* **Task**
The output should be all entries, each matching the original exactly.

* **Provided entries**
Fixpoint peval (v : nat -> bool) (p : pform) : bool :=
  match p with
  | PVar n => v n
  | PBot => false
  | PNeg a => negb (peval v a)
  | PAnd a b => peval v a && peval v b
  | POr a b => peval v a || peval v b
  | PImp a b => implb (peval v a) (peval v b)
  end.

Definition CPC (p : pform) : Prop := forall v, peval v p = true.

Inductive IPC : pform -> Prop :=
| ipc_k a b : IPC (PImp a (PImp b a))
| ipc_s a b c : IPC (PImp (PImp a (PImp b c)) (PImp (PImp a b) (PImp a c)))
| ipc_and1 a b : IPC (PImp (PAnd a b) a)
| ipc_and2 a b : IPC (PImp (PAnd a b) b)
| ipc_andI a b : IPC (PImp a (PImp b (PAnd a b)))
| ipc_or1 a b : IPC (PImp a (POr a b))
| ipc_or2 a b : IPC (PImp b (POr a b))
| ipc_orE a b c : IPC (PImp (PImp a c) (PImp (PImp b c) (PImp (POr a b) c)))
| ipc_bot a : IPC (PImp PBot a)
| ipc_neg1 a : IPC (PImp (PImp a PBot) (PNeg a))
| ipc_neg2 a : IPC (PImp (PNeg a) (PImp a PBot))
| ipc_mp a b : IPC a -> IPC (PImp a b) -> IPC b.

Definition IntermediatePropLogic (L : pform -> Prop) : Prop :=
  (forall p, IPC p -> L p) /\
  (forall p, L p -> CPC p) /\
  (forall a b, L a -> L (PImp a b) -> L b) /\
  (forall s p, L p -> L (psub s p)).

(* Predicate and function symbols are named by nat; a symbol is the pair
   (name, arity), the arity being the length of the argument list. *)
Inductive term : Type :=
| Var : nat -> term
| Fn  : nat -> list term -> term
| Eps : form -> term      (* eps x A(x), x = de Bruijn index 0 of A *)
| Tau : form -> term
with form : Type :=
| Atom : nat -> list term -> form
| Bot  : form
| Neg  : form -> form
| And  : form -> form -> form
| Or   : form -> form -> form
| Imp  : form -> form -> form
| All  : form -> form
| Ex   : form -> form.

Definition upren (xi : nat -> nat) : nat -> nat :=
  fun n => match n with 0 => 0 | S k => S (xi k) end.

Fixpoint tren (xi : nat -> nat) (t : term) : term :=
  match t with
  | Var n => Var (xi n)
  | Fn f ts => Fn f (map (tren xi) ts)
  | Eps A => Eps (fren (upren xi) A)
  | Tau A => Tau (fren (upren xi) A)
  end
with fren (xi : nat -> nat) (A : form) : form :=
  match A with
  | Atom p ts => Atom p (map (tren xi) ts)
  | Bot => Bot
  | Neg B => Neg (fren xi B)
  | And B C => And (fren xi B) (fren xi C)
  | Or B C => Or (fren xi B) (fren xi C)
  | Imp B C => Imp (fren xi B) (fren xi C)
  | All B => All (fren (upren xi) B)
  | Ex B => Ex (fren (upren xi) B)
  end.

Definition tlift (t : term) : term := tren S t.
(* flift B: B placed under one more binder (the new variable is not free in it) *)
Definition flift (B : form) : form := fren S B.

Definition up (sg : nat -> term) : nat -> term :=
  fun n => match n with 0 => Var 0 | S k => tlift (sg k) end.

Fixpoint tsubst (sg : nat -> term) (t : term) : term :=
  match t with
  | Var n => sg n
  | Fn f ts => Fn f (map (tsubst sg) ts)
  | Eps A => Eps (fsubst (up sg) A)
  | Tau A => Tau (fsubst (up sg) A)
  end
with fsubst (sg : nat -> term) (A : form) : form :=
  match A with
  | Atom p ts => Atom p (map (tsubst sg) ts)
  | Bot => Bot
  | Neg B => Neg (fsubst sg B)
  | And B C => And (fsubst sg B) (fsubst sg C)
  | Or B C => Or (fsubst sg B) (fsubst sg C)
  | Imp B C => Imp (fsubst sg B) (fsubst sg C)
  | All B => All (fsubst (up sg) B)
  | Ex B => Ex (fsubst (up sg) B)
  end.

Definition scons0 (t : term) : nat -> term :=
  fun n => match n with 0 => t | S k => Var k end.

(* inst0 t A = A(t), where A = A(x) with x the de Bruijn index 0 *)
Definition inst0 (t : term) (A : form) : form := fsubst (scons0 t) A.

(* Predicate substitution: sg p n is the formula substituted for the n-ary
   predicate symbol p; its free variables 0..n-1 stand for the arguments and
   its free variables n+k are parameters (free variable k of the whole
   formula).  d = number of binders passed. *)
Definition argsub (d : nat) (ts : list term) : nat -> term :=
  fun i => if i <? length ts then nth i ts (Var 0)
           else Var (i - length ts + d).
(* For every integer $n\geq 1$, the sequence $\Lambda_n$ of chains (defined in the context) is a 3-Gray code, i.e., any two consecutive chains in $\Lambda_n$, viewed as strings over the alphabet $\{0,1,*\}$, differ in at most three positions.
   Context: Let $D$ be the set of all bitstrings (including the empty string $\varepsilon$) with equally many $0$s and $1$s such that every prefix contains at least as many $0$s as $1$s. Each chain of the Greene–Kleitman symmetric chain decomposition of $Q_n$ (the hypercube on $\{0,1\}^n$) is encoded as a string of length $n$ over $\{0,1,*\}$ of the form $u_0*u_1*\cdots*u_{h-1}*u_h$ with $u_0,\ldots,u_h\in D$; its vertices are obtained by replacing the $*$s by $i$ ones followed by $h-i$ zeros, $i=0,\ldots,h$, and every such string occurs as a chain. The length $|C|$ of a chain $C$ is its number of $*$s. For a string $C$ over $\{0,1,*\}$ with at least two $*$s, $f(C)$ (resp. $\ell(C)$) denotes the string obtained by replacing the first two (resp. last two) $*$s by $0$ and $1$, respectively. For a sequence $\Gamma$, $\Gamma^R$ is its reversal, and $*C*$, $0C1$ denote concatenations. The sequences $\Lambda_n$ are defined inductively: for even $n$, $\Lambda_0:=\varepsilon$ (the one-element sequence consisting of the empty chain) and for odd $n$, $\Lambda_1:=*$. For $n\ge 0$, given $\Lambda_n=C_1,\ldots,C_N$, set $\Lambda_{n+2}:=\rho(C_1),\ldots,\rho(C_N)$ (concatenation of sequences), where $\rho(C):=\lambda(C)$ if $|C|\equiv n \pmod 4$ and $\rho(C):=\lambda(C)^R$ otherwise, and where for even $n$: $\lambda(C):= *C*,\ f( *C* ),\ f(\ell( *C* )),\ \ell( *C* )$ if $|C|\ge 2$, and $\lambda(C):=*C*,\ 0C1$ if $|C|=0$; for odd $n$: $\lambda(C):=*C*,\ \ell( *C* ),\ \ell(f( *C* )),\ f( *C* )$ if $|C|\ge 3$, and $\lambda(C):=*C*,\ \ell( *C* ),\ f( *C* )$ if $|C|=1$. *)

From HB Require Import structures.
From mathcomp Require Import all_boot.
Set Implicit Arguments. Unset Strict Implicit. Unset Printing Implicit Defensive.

* **Answer area**
Fixpoint peval (v : nat -> bool) (p : pform) : bool :=
  match p with
  | PVar n => v n
  | PBot => false
  | PNeg a => negb (peval v a)
  | PAnd a b => peval v a && peval v b
  | POr a b => peval v a || peval v b
  | PImp a b => implb (peval v a) (peval v b)
  end.

Definition CPC (p : pform) : Prop := forall v, peval v p = true.

Inductive IPC : pform -> Prop :=
| ipc_k a b : IPC (PImp a (PImp b a))
| ipc_s a b c : IPC (PImp (PImp a (PImp b c)) (PImp (PImp a b) (PImp a c)))
| ipc_and1 a b : IPC (PImp (PAnd a b) a)
| ipc_and2 a b : IPC (PImp (PAnd a b) b)
| ipc_andI a b : IPC (PImp a (PImp b (PAnd a b)))
| ipc_or1 a b : IPC (PImp a (POr a b))
| ipc_or2 a b : IPC (PImp b (POr a b))
| ipc_orE a b c : IPC (PImp (PImp a c) (PImp (PImp b c) (PImp (POr a b) c)))
| ipc_bot a : IPC (PImp PBot a)
| ipc_neg1 a : IPC (PImp (PImp a PBot) (PNeg a))
| ipc_neg2 a : IPC (PImp (PNeg a) (PImp a PBot))
| ipc_mp a b : IPC a -> IPC (PImp a b) -> IPC b.

Definition IntermediatePropLogic (L : pform -> Prop) : Prop :=
  (forall p, IPC p -> L p) /\
  (forall p, L p -> CPC p) /\
  (forall a b, L a -> L (PImp a b) -> L b) /\
  (forall s p, L p -> L (psub s p)).

(* Predicate and function symbols are named by nat; a symbol is the pair
   (name, arity), the arity being the length of the argument list. *)
Inductive term : Type :=
| Var : nat -> term
| Fn  : nat -> list term -> term
| Eps : form -> term      (* eps x A(x), x = de Bruijn index 0 of A *)
| Tau : form -> term
with form : Type :=
| Atom : nat -> list term -> form
| Bot  : form
| Neg  : form -> form
| And  : form -> form -> form
| Or   : form -> form -> form
| Imp  : form -> form -> form
| All  : form -> form
| Ex   : form -> form.

Definition upren (xi : nat -> nat) : nat -> nat :=
  fun n => match n with 0 => 0 | S k => S (xi k) end.

Fixpoint tren (xi : nat -> nat) (t : term) : term :=
  match t with
  | Var n => Var (xi n)
  | Fn f ts => Fn f (map (tren xi) ts)
  | Eps A => Eps (fren (upren xi) A)
  | Tau A => Tau (fren (upren xi) A)
  end
with fren (xi : nat -> nat) (A : form) : form :=
  match A with
  | Atom p ts => Atom p (map (tren xi) ts)
  | Bot => Bot
  | Neg B => Neg (fren xi B)
  | And B C => And (fren xi B) (fren xi C)
  | Or B C => Or (fren xi B) (fren xi C)
  | Imp B C => Imp (fren xi B) (fren xi C)
  | All B => All (fren (upren xi) B)
  | Ex B => Ex (fren (upren xi) B)
  end.

Definition tlift (t : term) : term := tren S t.
(* flift B: B placed under one more binder (the new variable is not free in it) *)
Definition flift (B : form) : form := fren S B.

Definition up (sg : nat -> term) : nat -> term :=
  fun n => match n with 0 => Var 0 | S k => tlift (sg k) end.

Fixpoint tsubst (sg : nat -> term) (t : term) : term :=
  match t with
  | Var n => sg n
  | Fn f ts => Fn f (map (tsubst sg) ts)
  | Eps A => Eps (fsubst (up sg) A)
  | Tau A => Tau (fsubst (up sg) A)
  end
with fsubst (sg : nat -> term) (A : form) : form :=
  match A with
  | Atom p ts => Atom p (map (tsubst sg) ts)
  | Bot => Bot
  | Neg B => Neg (fsubst sg B)
  | And B C => And (fsubst sg B) (fsubst sg C)
  | Or B C => Or (fsubst sg B) (fsubst sg C)
  | Imp B C => Imp (fsubst sg B) (fsubst sg C)
  | All B => All (fsubst (up sg) B)
  | Ex B => Ex (fsubst (up sg) B)
  end.

Definition scons0 (t : term) : nat -> term :=
  fun n => match n with 0 => t | S k => Var k end.

(* inst0 t A = A(t), where A = A(x) with x the de Bruijn index 0 *)
Definition inst0 (t : term) (A : form) : form := fsubst (scons0 t) A.

(* Predicate substitution: sg p n is the formula substituted for the n-ary
   predicate symbol p; its free variables 0..n-1 stand for the arguments and
   its free variables n+k are parameters (free variable k of the whole
   formula).  d = number of binders passed. *)
Definition argsub (d : nat) (ts : list term) : nat -> term :=
  fun i => if i <? length ts then nth i ts (Var 0)
           else Var (i - length ts + d).
(* For every integer $n\geq 1$, the sequence $\Lambda_n$ of chains (defined in the context) is a 3-Gray code, i.e., any two consecutive chains in $\Lambda_n$, viewed as strings over the alphabet $\{0,1,*\}$, differ in at most three positions.
   Context: Let $D$ be the set of all bitstrings (including the empty string $\varepsilon$) with equally many $0$s and $1$s such that every prefix contains at least as many $0$s as $1$s. Each chain of the Greene–Kleitman symmetric chain decomposition of $Q_n$ (the hypercube on $\{0,1\}^n$) is encoded as a string of length $n$ over $\{0,1,*\}$ of the form $u_0*u_1*\cdots*u_{h-1}*u_h$ with $u_0,\ldots,u_h\in D$; its vertices are obtained by replacing the $*$s by $i$ ones followed by $h-i$ zeros, $i=0,\ldots,h$, and every such string occurs as a chain. The length $|C|$ of a chain $C$ is its number of $*$s. For a string $C$ over $\{0,1,*\}$ with at least two $*$s, $f(C)$ (resp. $\ell(C)$) denotes the string obtained by replacing the first two (resp. last two) $*$s by $0$ and $1$, respectively. For a sequence $\Gamma$, $\Gamma^R$ is its reversal, and $*C*$, $0C1$ denote concatenations. The sequences $\Lambda_n$ are defined inductively: for even $n$, $\Lambda_0:=\varepsilon$ (the one-element sequence consisting of the empty chain) and for odd $n$, $\Lambda_1:=*$. For $n\ge 0$, given $\Lambda_n=C_1,\ldots,C_N$, set $\Lambda_{n+2}:=\rho(C_1),\ldots,\rho(C_N)$ (concatenation of sequences), where $\rho(C):=\lambda(C)$ if $|C|\equiv n \pmod 4$ and $\rho(C):=\lambda(C)^R$ otherwise, and where for even $n$: $\lambda(C):= *C*,\ f( *C* ),\ f(\ell( *C* )),\ \ell( *C* )$ if $|C|\ge 2$, and $\lambda(C):=*C*,\ 0C1$ if $|C|=0$; for odd $n$: $\lambda(C):=*C*,\ \ell( *C* ),\ \ell(f( *C* )),\ f( *C* )$ if $|C|\ge 3$, and $\lambda(C):=*C*,\ \ell( *C* ),\ f( *C* )$ if $|C|=1$. *)

From HB Require Import structures.
From mathcomp Require Import all_boot.
Set Implicit Arguments. Unset Strict Implicit. Unset Printing Implicit Defensive.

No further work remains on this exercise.